In principe is een grensbewoner in dit model minder welvarend dan een inwoner van de hoofdstad, maar door een met de afstand
variërend belastingtarief te introduceren kan dit verschil worden gecompenseerd. Een interessante conclusie van dit model is dus dat een
belastingstelsel niet neutraal is bij het vaststellen van het optimale aantal landen.
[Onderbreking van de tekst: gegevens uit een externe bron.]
Let merge_notin_four : merge u v \notin four.
Proof.
have nvu c : orient c su -> ~~ infix v c.
  by apply: rff_orient rff_S svS suS _ v_sv; rewrite eq_sym.
have nuv c : orient c sv -> ~~ infix u c by apply: rff_orient rff_S suS svS _ u_su.
have nrv : ~~ infix u (rev v) by apply: nuv; rewrite orient_revl.
have nru : ~~ infix v (rev u) by apply: nvu; rewrite orient_revl.
rewrite !inE; apply/negP => /or4P[] /eqP E.
- by have := nvu _ u_su; rewrite -E infix_merge_r.
- by have := nuv _ v_sv; rewrite -E infix_merge_l.
- by move: nru; rewrite -E infix_merge_r.
- by move: nrv; rewrite -E infix_merge_l.
Qed.

Let merge_notin_rest : merge u v \notin rest.
Proof.
apply/negP => muR.
by have := rest_ninfix muR (orient_refl _) (c := u); rewrite u_su infix_merge_l => /(_ isT).
Qed.

Lemma perm_merge_rest S' : uniq S' ->
  S' =i [pred z | ((z \in S) || (z == merge u v)) && (z \notin four)] ->
  perm_eq (merge u v :: rest) S'.
Proof.
move=> uniq_S' mem_S'; apply: uniq_perm => //.
  have := perm_uniq perm_S; rewrite uniq_S /= merge_notin_rest.
  by case/esym/and3P.
move=> z; rewrite mem_S' inE /=; apply/predU1P/andP => [[->|zR]|[]].
- by rewrite eqxx orbT merge_notin_four.
- by rewrite rest_notin_four // (perm_mem perm_S) !inE zR !orbT.
case/orP => [|/eqP]; last by left.
rewrite (perm_mem perm_S) !inE => /or3P[/eqP->|/eqP->|]; last by right.
  by move: su_four; rewrite !inE => ->.
by move: sv_four; rewrite !inE => ->.
Qed.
Vervolgens analyseren AS de gevolgen van toenemende openheid of de mate van integratie van economieën. Er wordt een extra
variabele aan het model toegevoegd die de mate van economische integratie weergeeft. Economische integratie vergroot de hoeveelheid
beschikbare kennis in de economie, waardoor schaalvoordelen verkregen kunnen worden. In kwalitatieve zin geeft deze variant dezelfde
oplossing als hierboven: het aantal landen bij een democratisch proces zal groter zijn dan het efficiënte aantal onder een welwillende
dictator. Echter, hoe kleiner de onderlinge integratie tussen landen, des te minder men kan profiteren van mondiale kennis. In het
evenwicht zal het aantal landen bij onvolledige economische integratie hierdoor kleiner zijn dan in de variant, waarin impliciet was
aangenomen dat de mate van integratie volledig was. Immers, men moet zelf voor de eigen ‘kennis’ zorgdragen. En het ‘human capital’
neemt toe met het aantal inwoners. Omgekeerd geldt ook dat hoe groter de economische integratie tussen landen is, des te kleiner zij
kunnen zijn (en hoe groter het aantal). Regionaal separatisme zal dus gepaard gaan met verdergaande economische samenwerking.
De volgende conclusies kunnen worden getrokken. Allereerst, geeft het model een verklaring voor het verschijnsel dat democratische
bestuursvormen en het aantal landen met elkaar samen schijnen te hangen (zie Oost-Europa). Daarnaast verklaart het model dat politieke
integratieprocessen, zoals in Europa, niet altijd even soepel verlopen als er feitelijk al van economische integratie sprake is. Denk aan de
positie van Denemarken en het VK in de Europese Unie; de voordelen van vrij verkeer van goederen en diensten heeft men al, terwijl men
toch bevreesd is dat de EU niet voorziet in specifieke behoeften van het eigen volk. Een toekomstige Europese centrale overheid zal er
dus voor moeten waken dat de culturele afstand met diverse regio’s niet te groot wordt. Hiertoe moet een afgewogen belastingstelsel en
transfersysteem worden ontworpen, om inwoners in perifere gebieden te weerhouden zich te gaan afzetten tegen de EU
1 A. Alesina en E. Spolaore, On the number and size of nations , NBER Working Paper Series, nr. 5050, 1995.